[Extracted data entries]
——————

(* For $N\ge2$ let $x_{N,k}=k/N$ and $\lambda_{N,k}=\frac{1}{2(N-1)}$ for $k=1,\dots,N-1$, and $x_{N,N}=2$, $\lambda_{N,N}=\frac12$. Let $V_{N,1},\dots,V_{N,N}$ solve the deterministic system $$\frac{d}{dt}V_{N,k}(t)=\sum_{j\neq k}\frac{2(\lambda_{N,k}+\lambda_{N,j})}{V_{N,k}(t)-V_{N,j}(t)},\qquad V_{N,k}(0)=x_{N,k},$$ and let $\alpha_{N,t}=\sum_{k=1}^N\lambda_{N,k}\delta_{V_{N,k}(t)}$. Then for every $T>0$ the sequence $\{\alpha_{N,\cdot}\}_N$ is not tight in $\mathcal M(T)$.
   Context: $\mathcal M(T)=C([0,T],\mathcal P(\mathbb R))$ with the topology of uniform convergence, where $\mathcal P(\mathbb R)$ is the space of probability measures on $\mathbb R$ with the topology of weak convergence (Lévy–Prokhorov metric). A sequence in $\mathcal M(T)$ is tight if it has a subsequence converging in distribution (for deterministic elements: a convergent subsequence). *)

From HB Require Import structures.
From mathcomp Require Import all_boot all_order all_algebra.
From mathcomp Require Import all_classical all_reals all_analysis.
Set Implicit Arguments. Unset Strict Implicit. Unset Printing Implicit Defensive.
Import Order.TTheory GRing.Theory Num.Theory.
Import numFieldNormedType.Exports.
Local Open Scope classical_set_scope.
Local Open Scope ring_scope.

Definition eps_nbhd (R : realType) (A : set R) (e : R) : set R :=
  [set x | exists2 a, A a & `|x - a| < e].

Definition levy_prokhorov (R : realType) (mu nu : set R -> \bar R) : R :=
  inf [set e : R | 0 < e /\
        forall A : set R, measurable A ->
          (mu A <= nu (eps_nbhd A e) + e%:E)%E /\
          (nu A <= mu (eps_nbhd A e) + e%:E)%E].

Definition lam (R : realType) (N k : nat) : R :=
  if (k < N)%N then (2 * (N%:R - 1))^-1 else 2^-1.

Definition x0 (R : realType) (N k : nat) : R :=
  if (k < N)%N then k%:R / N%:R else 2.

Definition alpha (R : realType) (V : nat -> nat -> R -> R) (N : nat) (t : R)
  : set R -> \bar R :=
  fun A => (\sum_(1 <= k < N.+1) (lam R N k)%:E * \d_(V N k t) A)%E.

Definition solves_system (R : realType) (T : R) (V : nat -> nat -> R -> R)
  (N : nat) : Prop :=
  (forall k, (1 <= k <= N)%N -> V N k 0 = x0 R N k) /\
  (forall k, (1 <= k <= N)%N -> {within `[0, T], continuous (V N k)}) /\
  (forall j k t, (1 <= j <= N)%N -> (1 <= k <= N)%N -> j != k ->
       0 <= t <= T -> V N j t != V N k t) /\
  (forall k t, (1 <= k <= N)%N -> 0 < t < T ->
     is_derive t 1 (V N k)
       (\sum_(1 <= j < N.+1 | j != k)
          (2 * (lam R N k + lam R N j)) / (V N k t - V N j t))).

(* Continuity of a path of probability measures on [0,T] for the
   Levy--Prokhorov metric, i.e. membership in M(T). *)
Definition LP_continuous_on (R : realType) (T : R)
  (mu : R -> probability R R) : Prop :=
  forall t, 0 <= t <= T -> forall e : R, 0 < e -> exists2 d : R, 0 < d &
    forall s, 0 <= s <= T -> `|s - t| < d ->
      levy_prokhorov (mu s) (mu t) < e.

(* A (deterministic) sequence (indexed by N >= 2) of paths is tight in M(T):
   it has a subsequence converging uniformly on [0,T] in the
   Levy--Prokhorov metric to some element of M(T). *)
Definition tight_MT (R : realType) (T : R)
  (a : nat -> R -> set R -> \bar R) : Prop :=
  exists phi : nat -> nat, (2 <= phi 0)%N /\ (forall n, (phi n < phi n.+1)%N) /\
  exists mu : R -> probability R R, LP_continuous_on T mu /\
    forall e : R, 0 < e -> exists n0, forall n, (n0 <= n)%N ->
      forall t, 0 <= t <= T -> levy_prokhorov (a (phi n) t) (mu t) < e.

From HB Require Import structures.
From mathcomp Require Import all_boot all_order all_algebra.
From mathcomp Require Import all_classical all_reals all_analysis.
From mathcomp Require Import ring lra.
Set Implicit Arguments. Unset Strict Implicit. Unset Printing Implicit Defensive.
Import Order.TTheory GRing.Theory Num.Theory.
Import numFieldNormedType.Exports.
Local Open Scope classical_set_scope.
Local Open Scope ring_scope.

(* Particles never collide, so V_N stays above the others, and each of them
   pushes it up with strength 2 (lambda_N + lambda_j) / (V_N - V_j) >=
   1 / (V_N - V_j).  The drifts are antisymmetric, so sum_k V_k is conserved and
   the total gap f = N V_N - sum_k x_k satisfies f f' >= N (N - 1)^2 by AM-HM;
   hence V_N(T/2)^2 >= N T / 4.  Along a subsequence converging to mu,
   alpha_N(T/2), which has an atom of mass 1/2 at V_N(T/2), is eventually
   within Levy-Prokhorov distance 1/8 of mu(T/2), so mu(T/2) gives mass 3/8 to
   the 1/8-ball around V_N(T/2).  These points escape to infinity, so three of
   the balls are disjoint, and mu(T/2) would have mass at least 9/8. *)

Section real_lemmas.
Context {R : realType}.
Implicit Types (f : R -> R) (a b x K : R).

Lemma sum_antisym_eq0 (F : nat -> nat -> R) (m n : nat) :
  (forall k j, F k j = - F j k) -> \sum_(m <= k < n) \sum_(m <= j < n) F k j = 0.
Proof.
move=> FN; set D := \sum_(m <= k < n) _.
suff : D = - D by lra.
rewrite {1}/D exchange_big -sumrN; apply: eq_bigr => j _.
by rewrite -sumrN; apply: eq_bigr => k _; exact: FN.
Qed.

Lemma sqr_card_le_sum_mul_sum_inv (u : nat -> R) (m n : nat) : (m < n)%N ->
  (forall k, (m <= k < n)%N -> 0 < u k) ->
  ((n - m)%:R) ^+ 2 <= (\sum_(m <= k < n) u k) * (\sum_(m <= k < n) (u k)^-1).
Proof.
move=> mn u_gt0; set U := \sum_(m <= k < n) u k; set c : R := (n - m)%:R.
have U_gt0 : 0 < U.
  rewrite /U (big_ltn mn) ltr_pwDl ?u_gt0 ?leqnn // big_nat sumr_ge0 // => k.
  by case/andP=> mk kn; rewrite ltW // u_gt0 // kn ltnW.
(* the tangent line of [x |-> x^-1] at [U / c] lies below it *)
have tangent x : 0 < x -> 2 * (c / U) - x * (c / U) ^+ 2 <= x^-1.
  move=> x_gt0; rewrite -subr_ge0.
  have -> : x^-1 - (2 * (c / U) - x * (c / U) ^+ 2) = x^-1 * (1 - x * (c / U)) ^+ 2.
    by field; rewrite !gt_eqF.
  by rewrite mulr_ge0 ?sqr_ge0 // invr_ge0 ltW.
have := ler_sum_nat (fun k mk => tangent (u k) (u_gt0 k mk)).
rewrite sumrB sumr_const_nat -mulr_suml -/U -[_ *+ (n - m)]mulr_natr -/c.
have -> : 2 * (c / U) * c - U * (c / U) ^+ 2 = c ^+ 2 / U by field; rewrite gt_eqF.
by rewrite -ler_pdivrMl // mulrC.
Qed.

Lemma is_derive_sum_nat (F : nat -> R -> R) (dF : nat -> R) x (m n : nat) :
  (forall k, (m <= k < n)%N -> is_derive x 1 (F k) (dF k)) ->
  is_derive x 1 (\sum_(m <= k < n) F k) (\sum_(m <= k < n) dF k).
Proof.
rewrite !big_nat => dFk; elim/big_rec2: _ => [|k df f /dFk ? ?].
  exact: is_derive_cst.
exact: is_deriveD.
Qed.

——————

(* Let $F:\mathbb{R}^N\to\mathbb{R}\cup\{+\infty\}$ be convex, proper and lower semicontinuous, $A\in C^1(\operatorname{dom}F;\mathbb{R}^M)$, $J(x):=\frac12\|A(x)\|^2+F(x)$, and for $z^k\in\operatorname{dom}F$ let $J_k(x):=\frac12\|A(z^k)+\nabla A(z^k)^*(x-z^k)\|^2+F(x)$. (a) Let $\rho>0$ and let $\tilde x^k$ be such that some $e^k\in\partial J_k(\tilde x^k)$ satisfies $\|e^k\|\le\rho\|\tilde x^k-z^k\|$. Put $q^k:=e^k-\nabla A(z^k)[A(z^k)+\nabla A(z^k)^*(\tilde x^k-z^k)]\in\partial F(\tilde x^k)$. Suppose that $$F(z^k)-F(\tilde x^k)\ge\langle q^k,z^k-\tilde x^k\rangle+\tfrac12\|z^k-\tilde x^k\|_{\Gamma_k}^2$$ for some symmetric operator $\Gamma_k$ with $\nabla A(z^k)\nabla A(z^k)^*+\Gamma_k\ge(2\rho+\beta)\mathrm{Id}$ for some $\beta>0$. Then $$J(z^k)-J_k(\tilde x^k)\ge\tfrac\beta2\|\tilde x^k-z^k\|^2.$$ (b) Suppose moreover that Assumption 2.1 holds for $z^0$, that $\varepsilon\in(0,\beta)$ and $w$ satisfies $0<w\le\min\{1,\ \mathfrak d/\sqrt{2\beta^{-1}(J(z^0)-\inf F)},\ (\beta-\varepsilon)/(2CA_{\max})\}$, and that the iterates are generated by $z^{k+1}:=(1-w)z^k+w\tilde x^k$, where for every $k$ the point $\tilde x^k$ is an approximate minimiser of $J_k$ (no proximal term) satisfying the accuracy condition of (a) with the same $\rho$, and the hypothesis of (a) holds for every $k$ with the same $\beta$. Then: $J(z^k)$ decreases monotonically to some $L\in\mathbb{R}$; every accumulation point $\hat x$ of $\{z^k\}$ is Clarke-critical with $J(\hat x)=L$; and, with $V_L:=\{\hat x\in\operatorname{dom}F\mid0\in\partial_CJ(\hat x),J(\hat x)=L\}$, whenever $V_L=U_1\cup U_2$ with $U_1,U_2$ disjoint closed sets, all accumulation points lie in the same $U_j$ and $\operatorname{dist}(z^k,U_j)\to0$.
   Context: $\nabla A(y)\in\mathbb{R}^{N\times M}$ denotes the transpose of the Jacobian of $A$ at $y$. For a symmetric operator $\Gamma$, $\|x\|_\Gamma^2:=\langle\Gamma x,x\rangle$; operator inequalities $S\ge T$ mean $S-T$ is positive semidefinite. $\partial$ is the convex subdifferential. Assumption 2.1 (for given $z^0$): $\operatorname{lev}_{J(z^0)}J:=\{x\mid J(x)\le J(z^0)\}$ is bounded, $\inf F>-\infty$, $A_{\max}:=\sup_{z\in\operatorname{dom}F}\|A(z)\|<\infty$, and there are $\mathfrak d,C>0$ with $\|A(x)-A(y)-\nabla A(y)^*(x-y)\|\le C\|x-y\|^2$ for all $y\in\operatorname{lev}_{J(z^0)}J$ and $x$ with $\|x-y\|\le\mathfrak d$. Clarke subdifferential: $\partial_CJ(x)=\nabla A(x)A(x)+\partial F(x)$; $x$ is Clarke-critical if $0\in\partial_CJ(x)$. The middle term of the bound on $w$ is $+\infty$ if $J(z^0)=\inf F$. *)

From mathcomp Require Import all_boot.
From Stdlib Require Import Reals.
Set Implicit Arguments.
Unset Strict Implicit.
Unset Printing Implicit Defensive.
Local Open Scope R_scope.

——————

What this task involves
After locating the line holding "(* For $N\ge2$" above, output exactly that line and every line after it through the line holding "if (k < N)%N then (2". Include nothing else.

Task answer
(* For $N\ge2$ let $x_{N,k}=k/N$ and $\lambda_{N,k}=\frac{1}{2(N-1)}$ for $k=1,\dots,N-1$, and $x_{N,N}=2$, $\lambda_{N,N}=\frac12$. Let $V_{N,1},\dots,V_{N,N}$ solve the deterministic system $$\frac{d}{dt}V_{N,k}(t)=\sum_{j\neq k}\frac{2(\lambda_{N,k}+\lambda_{N,j})}{V_{N,k}(t)-V_{N,j}(t)},\qquad V_{N,k}(0)=x_{N,k},$$ and let $\alpha_{N,t}=\sum_{k=1}^N\lambda_{N,k}\delta_{V_{N,k}(t)}$. Then for every $T>0$ the sequence $\{\alpha_{N,\cdot}\}_N$ is not tight in $\mathcal M(T)$.
   Context: $\mathcal M(T)=C([0,T],\mathcal P(\mathbb R))$ with the topology of uniform convergence, where $\mathcal P(\mathbb R)$ is the space of probability measures on $\mathbb R$ with the topology of weak convergence (Lévy–Prokhorov metric). A sequence in $\mathcal M(T)$ is tight if it has a subsequence converging in distribution (for deterministic elements: a convergent subsequence). *)

From HB Require Import structures.
From mathcomp Require Import all_boot all_order all_algebra.
From mathcomp Require Import all_classical all_reals all_analysis.
Set Implicit Arguments. Unset Strict Implicit. Unset Printing Implicit Defensive.
Import Order.TTheory GRing.Theory Num.Theory.
Import numFieldNormedType.Exports.
Local Open Scope classical_set_scope.
Local Open Scope ring_scope.

Definition eps_nbhd (R : realType) (A : set R) (e : R) : set R :=
  [set x | exists2 a, A a & `|x - a| < e].

Definition levy_prokhorov (R : realType) (mu nu : set R -> \bar R) : R :=
  inf [set e : R | 0 < e /\
        forall A : set R, measurable A ->
          (mu A <= nu (eps_nbhd A e) + e%:E)%E /\
          (nu A <= mu (eps_nbhd A e) + e%:E)%E].

Definition lam (R : realType) (N k : nat) : R :=
  if (k < N)%N then (2 * (N%:R - 1))^-1 else 2^-1.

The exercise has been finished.